**DATA EXTRACTS:**
+ + + +

(* For all $n\ge0$, $r_1,r_2\in(-1,1)$ and $-1<q\le1$, \[ \sum_{s=0}^{n}\genfrac{[}{]}{0pt}{}{n}{s}_{q}r_{1}^{n-s}r_{2}^{s}\frac{(r_{1}^{2})_{s}(r_{1}r_{2})_{s}}{(r_{1}^{2}r_{2}^{2})_{s}}=\frac{w_{n}(0,r_{1},r_{2},q)}{(r_{1}^{2}r_{2}^{2})_{n}}=\phi_{n}(r_{1},r_{2},q). \]
   Context: Notation: $(a)_n=\prod_{j=0}^{n-1}(1-aq^j)$, $(a)_0=1$; $[n]_q=1+\dots+q^{n-1}$, $[0]_q=0$, $[n]_q!=\prod_{j=1}^n[j]_q$, $[0]_q!=1$; $\genfrac{[}{]}{0pt}{}{n}{k}_q=\frac{[n]_q!}{[n-k]_q![k]_q!}$ for $0\le k\le n$, else $0$. $w_n(m,r_1,r_2,q)=\sum_{s=0}^n\genfrac{[}{]}{0pt}{}{n}{s}_q r_1^s(q^mr_2^2)_s\,r_2^{n-s}(q^mr_1^2)_{n-s}$, $\phi_n(r_1,r_2,q)=w_n(0,r_1,r_2,q)/(r_1^2r_2^2)_n$. *)

(* the identity is algebraic; stated over any real field. *)
From HB Require Import structures.
From mathcomp Require Import all_boot all_order all_algebra.
Set Implicit Arguments. Unset Strict Implicit. Unset Printing Implicit Defensive.
Import Order.TTheory GRing.Theory Num.Theory.
Local Open Scope ring_scope.

Section QDefs.
Variable R : fieldType.

Definition qpoch (q a : R) (n : nat) : R := \prod_(j < n) (1 - a * q ^+ j).

Definition qint (q : R) (n : nat) : R := \sum_(j < n) q ^+ j.

Definition qfact (q : R) (n : nat) : R := \prod_(1 <= j < n.+1) qint q j.

Definition qbinom (q : R) (n k : nat) : R :=
  if (k <= n)%N then qfact q n / (qfact q (n - k) * qfact q k) else 0.

Definition w_n (n m : nat) (r1 r2 q : R) : R :=
  \sum_(0 <= s < n.+1)
    qbinom q n s * r1 ^+ s * qpoch q (q ^+ m * r2 ^+ 2) s
      * r2 ^+ (n - s) * qpoch q (q ^+ m * r1 ^+ 2) (n - s).

Definition phi_n (n : nat) (r1 r2 q : R) : R :=
  w_n n 0 r1 r2 q / qpoch q (r1 ^+ 2 * r2 ^+ 2) n.

End QDefs.

(* Both sides are specialisations of two q-binomial sums
     F_n(a, b, c; u, v) = sum_s [n, s] u^(n-s) v^s (a)_s (b)_s (c q^s)_(n-s)   ([pochsum3]),
     W_n(x, y; u, v)   = sum_s [n, s] u^s (x)_s v^(n-s) (y)_(n-s)            ([pochsum2]):
   multiplying the left-hand side by (r1^2 r2^2)_n = (r1^2 r2^2)_s (r1^2 r2^2 q^s)_(n-s)
   gives F_n(r1^2, r1 r2, r1^2 r2^2; r1, r2), and w_n(0, r1, r2) = W_n(r2^2, r1^2; r1, r2).
   The two q-Pascal rules give first-order recurrences in n for F and W, and together with
   the contiguous relation of W in its first parameter they prove by induction that
   F_n(a, b, a x; u, v) = W_n(x, a; u, v) whenever b v = x u.  The bounds on r1, r2, q only
   ensure that the q-integers [j+1]_q and the Pochhammer symbol (r1^2 r2^2)_n do not vanish. *)

From HB Require Import structures.
From mathcomp Require Import all_boot all_order all_algebra.
From mathcomp Require Import zify ring.
Set Implicit Arguments.
Unset Strict Implicit.
Unset Printing Implicit Defensive.

Import Order.TTheory GRing.Theory Num.Theory.
Local Open Scope ring_scope.

Section QAnalogues.
Variables (R : fieldType) (q : R).

Lemma qpoch0 a : qpoch q a 0 = 1.
Proof. by rewrite /qpoch big_ord0. Qed.

Lemma qpochS a s : qpoch q a s.+1 = qpoch q a s * (1 - a * q ^+ s).
Proof. by rewrite /qpoch big_ord_recr. Qed.

Lemma qpochSl a s : qpoch q a s.+1 = (1 - a) * qpoch q (a * q) s.
Proof.
rewrite /qpoch big_ord_recl expr0 mulr1; congr (_ * _).
by apply: eq_bigr => i _; rewrite lift0 exprS mulrA.
Qed.

Lemma qpochD a s m : qpoch q a (s + m) = qpoch q a s * qpoch q (a * q ^+ s) m.
Proof.
rewrite /qpoch big_split_ord; congr (_ * _).
by apply: eq_bigr => i _; rewrite /= exprD mulrA.
Qed.

Lemma qintD a b : qint q (a + b) = qint q a + q ^+ a * qint q b.
Proof.
rewrite /qint big_split_ord mulr_sumr; congr (_ + _).
by apply: eq_bigr => i _; rewrite /= exprD.
Qed.

Lemma qfact0 : qfact q 0 = 1.
Proof. by rewrite /qfact big_geq. Qed.

Lemma qfactS m : qfact q m.+1 = qfact q m * qint q m.+1.
Proof. by rewrite /qfact big_nat_recr. Qed.

End QAnalogues.

Section QBinomial.
Variables (R : fieldType) (q : R).
Hypothesis qint_neq0 : forall j, qint q j.+1 != 0.

Lemma qfact_neq0 m : qfact q m != 0.
Proof.
elim: m => [|m IHm]; first by rewrite qfact0 oner_neq0.
by rewrite qfactS mulf_neq0.
Qed.

Lemma qbinomn0 n : qbinom q n 0 = 1.
Proof. by rewrite /qbinom leq0n subn0 qfact0 mulr1 divff ?qfact_neq0. Qed.

Lemma qbinomnn n : qbinom q n n = 1.
Proof. by rewrite /qbinom leqnn subnn qfact0 mul1r divff ?qfact_neq0. Qed.

Lemma qbinom_small n k : (n < k)%N -> qbinom q n k = 0.
Proof. by rewrite /qbinom ltnNge => /negbTE ->. Qed.

Lemma qbinomSS_split n k c d : (k < n)%N ->
  qint q n.+1 = c * qint q k.+1 + d * qint q (n - k) ->
  qbinom q n.+1 k.+1 = c * qbinom q n k + d * qbinom q n k.+1.
Proof.
move=> kn hsplit; rewrite /qbinom !ifT ?subSS; try lia.
rewrite [qfact q n.+1]qfactS hsplit.
have -> : (n - k = (n - k.+1).+1)%N by lia.
rewrite !qfactS; field.
by rewrite !qint_neq0 !qfact_neq0.
Qed.

Lemma qbinomSS n k : qbinom q n.+1 k.+1 = qbinom q n k + q ^+ k.+1 * qbinom q n k.+1.
Proof.
case: (ltngtP k n) => [kn|nk|->]; last by rewrite !qbinomnn qbinom_small ?mulr0 ?addr0.
- rewrite -[qbinom q n k]mul1r; apply: qbinomSS_split; rewrite // mul1r -qintD.
  congr qint; lia.
- by rewrite !qbinom_small ?mulr0 ?addr0 //; lia.
Qed.

Lemma qbinomSS' n k : qbinom q n.+1 k.+1 = qbinom q n k.+1 + q ^+ (n - k) * qbinom q n k.
Proof.
case: (ltngtP k n) => [kn|nk|->]; last by rewrite !qbinomnn subnn mul1r qbinom_small ?add0r.
- rewrite addrC -[qbinom q n k.+1]mul1r; apply: qbinomSS_split; rewrite // mul1r addrC -qintD.
  congr qint; lia.
- by rewrite !qbinom_small ?mulr0 ?addr0 //; lia.
Qed.

Definition pochterm2 n s (x y u v : R) :=
  u ^+ s * qpoch q x s * v ^+ (n - s) * qpoch q y (n - s).

Definition pochsum2 n (x y u v : R) :=
  \sum_(s < n.+1) qbinom q n s * pochterm2 n s x y u v.

Definition pochterm3 n s (a b c u v : R) :=
  u ^+ (n - s) * v ^+ s * qpoch q a s * qpoch q b s * qpoch q (c * q ^+ s) (n - s).

Definition pochsum3 n (a b c u v : R) :=
  \sum_(s < n.+1) qbinom q n s * pochterm3 n s a b c u v.

Lemma pochsum3_div n (a b c u v : R) : qpoch q c n != 0 ->
  \sum_(0 <= s < n.+1)
     qbinom q n s * u ^+ (n - s) * v ^+ s * (qpoch q a s * qpoch q b s / qpoch q c s)
  = pochsum3 n a b c u v / qpoch q c n.
Proof.
move=> cn_neq0; apply: (mulIf cn_neq0); rewrite divfK // /pochsum3 big_mkord mulr_suml.
apply: eq_bigr => [[s /= hs]] _.
have cn_split : qpoch q c n = qpoch q c s * qpoch q (c * q ^+ s) (n - s).
  by rewrite -qpochD subnKC.
move: cn_neq0; rewrite cn_split mulf_eq0 negb_or => /andP[cs_neq0 _].
by rewrite /pochterm3; field.
Qed.

Lemma w_nE n m (r1 r2 : R) :
  w_n n m r1 r2 q = pochsum2 n (q ^+ m * r2 ^+ 2) (q ^+ m * r1 ^+ 2) r1 r2.
Proof.
by rewrite /w_n /pochsum2 big_mkord; apply: eq_bigr => s _; rewrite /pochterm2 !mulrA.
Qed.

Lemma pochsum2S n (x y u v : R) : pochsum2 n.+1 x y u v =
  u * (1 - x) * pochsum2 n (x * q) y u v + v * (1 - y) * pochsum2 n x (y * q) (u * q) v.
Proof.
rewrite /pochsum2 big_ord_recl /=.
under eq_bigr => i _ do rewrite /bump /= add1n qbinomSS mulrDl.
rewrite big_split /= addrCA.
have -> : qbinom q n.+1 0 * pochterm2 n.+1 0 x y u v
   + \sum_(i < n.+1) q ^+ i.+1 * qbinom q n i.+1 * pochterm2 n.+1 i.+1 x y u v
   = \sum_(i < n.+2) q ^+ i * qbinom q n i * pochterm2 n.+1 i x y u v.
  by rewrite [RHS]big_ord_recl !qbinomn0 expr0 !mul1r.
rewrite [\sum_(i < n.+2) _]big_ord_recr /= qbinom_small // mulr0 mul0r addr0.
rewrite !mulr_sumr; congr (_ + _); apply: eq_bigr => [[i /= hi]] _.
- rewrite /pochterm2 subSS qpochSl exprS; ring.
- rewrite /pochterm2 subSn // qpochSl exprS exprMn; ring.
Qed.

Lemma pochsum3S n (a b c u v : R) : pochsum3 n.+1 a b c u v =
  u * (1 - c * q ^+ n) * pochsum3 n a b c u v
  + v * (1 - a) * (1 - b) * pochsum3 n (a * q) (b * q) (c * q) (u * q) v.
Proof.
rewrite /pochsum3 big_ord_recl /=.
under eq_bigr => i _ do rewrite /bump /= add1n qbinomSS' mulrDl.
rewrite big_split /= addrA.
have -> : qbinom q n.+1 0 * pochterm3 n.+1 0 a b c u v
   + \sum_(i < n.+1) qbinom q n i.+1 * pochterm3 n.+1 i.+1 a b c u v
   = \sum_(i < n.+2) qbinom q n i * pochterm3 n.+1 i a b c u v.
  by rewrite [RHS]big_ord_recl !qbinomn0.
rewrite big_ord_recr /= qbinom_small // mul0r addr0.
rewrite !mulr_sumr; congr (_ + _); apply: eq_bigr => [[i /= hi]] _.
- rewrite /pochterm3 subSn // qpochS -[_ * q ^+ (n - i)]mulrA -exprD subnKC // exprS; ring.
- rewrite /pochterm3 subSS !qpochSl exprS exprMn -[c * q * _]mulrA -[q * q ^+ i]exprS; ring.
Qed.

Lemma pochsum2_contiguous n (x y u v : R) :
  (1 - x) * pochsum2 n (x * q) y u v
  = (1 - x * y * q ^+ n) * pochsum2 n x y u v
    - x * (1 - y) * pochsum2 n x (y * q) (u * q) v.
Proof.
apply/eqP; rewrite eq_sym subr_eq /pochsum2 !mulr_sumr -big_split /=; apply/eqP.
apply: eq_bigr => [[s /= hs]] _.
(* [ring:] rewrites with these equations left to right, so their left sides must be monomials. *)
have shift_x : x * qpoch q (x * q) s = qpoch q (x * q) s - qpoch q x s * (1 - x * q ^+ s).
  by rewrite -qpochS qpochSl; ring.
have shift_y : y * qpoch q (y * q) (n - s)
    = qpoch q (y * q) (n - s) - qpoch q y (n - s) * (1 - y * q ^+ (n - s)).
  by rewrite -qpochS qpochSl; ring.
have qn : q ^+ n = q ^+ s * q ^+ (n - s) by rewrite -exprD subnKC.
rewrite /pochterm2 exprMn qn; ring: shift_x shift_y.
Qed.

Lemma pochsum3_pochsum2 n (a b x u v : R) : b * v = x * u ->
  pochsum3 n a b (a * x) u v = pochsum2 n x a u v.
Proof.
elim: n a b x u v => [|n IHn] a b x u v bv_xu.
  by rewrite /pochsum3 /pochsum2 !big_ord1 /pochterm3 /pochterm2 !qpoch0 !qbinomn0 !expr0 !mul1r.
rewrite pochsum3S pochsum2S -[a * x * q]mulrAC IHn // IHn; last by ring: bv_xu.
rewrite -[u * (1 - x) * _]mulrA pochsum2_contiguous; ring: bv_xu.
Qed.

End QBinomial.

Section RealField.
Variable R : realFieldType.

Lemma qint_neq0_real (q : R) j : -1 < q <= 1 -> qint q j.+1 != 0.
Proof.
case/andP=> q_gtN1 q_le1; have [->|q_neq1] := eqVneq q 1.
  rewrite /qint; under eq_bigr => i _ do rewrite expr1n.
  by rewrite sumr_const card_ord pnatr_eq0.
have q_lt1 : `|q| < 1 by rewrite ltr_norml q_gtN1 lt_neqAle q_neq1.
apply/eqP => qint0; have := subrX1 q j.+1.
rewrite -/(qint q j.+1) qint0 mulr0 => /eqP; rewrite subr_eq0 => /eqP qX1.
by have := exprn_ilt1 j.+1 (normr_ge0 q) q_lt1; rewrite -normrX qX1 normr1 ltxx.
Qed.

Lemma qpoch_neq0_real (q c : R) k : `|c| < 1 -> `|q| <= 1 -> qpoch q c k != 0.
Proof.
move=> c_lt1 q_le1; apply/prodf_neq0 => j _.
rewrite subr_eq0 eq_sym lt_eqF //; apply: ltr_normlW; rewrite normrM normrX.
by apply: le_lt_trans c_lt1; rewrite ler_piMr ?exprn_ile1.
Qed.

End RealField.

Theorem mainTheorem7 (R : realFieldType) (n : nat) (r1 r2 q : R) :
  -1 < r1 < 1 -> -1 < r2 < 1 -> -1 < q <= 1 ->
  (\sum_(0 <= s < n.+1)
     qbinom q n s * r1 ^+ (n - s) * r2 ^+ s
       * (qpoch q (r1 ^+ 2) s * qpoch q (r1 * r2) s
          / qpoch q (r1 ^+ 2 * r2 ^+ 2) s)
   = w_n n 0 r1 r2 q / qpoch q (r1 ^+ 2 * r2 ^+ 2) n)
  /\ w_n n 0 r1 r2 q / qpoch q (r1 ^+ 2 * r2 ^+ 2) n = phi_n n r1 r2 q.
Proof.
rewrite -!ltr_norml => r1_lt1 r2_lt1 q_bd; split=> //.
have q_le1 : `|q| <= 1 by rewrite ler_norml; case/andP: q_bd => /ltW -> ->.
have c_lt1 : `|r1 ^+ 2 * r2 ^+ 2| < 1.
  by rewrite -exprMn normrX exprn_ilt1 // normrM mulr_ilt1.
have qint_neq0 j := qint_neq0_real j q_bd.
rewrite pochsum3_div ?qpoch_neq0_real // w_nE expr0 !mul1r.
have r1r2_r2 : r1 * r2 * r2 = r2 ^+ 2 * r1 by ring.
by rewrite -(pochsum3_pochsum2 qint_neq0 n (r1 ^+ 2) r1r2_r2).
Qed.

+ + + +

**WORK ORDER:**
Begin at the line that has "From mathcomp Require Import zify ring." in the entries above; stop after the line that has "Hypothesis qint_neq0 : forall". Transcribe exactly those lines and no others.

**RESULT:**
From mathcomp Require Import zify ring.
Set Implicit Arguments.
Unset Strict Implicit.
Unset Printing Implicit Defensive.

Import Order.TTheory GRing.Theory Num.Theory.
Local Open Scope ring_scope.

Section QAnalogues.
Variables (R : fieldType) (q : R).

Lemma qpoch0 a : qpoch q a 0 = 1.
Proof. by rewrite /qpoch big_ord0. Qed.

Lemma qpochS a s : qpoch q a s.+1 = qpoch q a s * (1 - a * q ^+ s).
Proof. by rewrite /qpoch big_ord_recr. Qed.

Lemma qpochSl a s : qpoch q a s.+1 = (1 - a) * qpoch q (a * q) s.
Proof.
rewrite /qpoch big_ord_recl expr0 mulr1; congr (_ * _).
by apply: eq_bigr => i _; rewrite lift0 exprS mulrA.
Qed.

Lemma qpochD a s m : qpoch q a (s + m) = qpoch q a s * qpoch q (a * q ^+ s) m.
Proof.
rewrite /qpoch big_split_ord; congr (_ * _).
by apply: eq_bigr => i _; rewrite /= exprD mulrA.
Qed.

Lemma qintD a b : qint q (a + b) = qint q a + q ^+ a * qint q b.
Proof.
rewrite /qint big_split_ord mulr_sumr; congr (_ + _).
by apply: eq_bigr => i _; rewrite /= exprD.
Qed.

Lemma qfact0 : qfact q 0 = 1.
Proof. by rewrite /qfact big_geq. Qed.

Lemma qfactS m : qfact q m.+1 = qfact q m * qint q m.+1.
Proof. by rewrite /qfact big_nat_recr. Qed.

End QAnalogues.

Section QBinomial.
Variables (R : fieldType) (q : R).
Hypothesis qint_neq0 : forall j, qint q j.+1 != 0.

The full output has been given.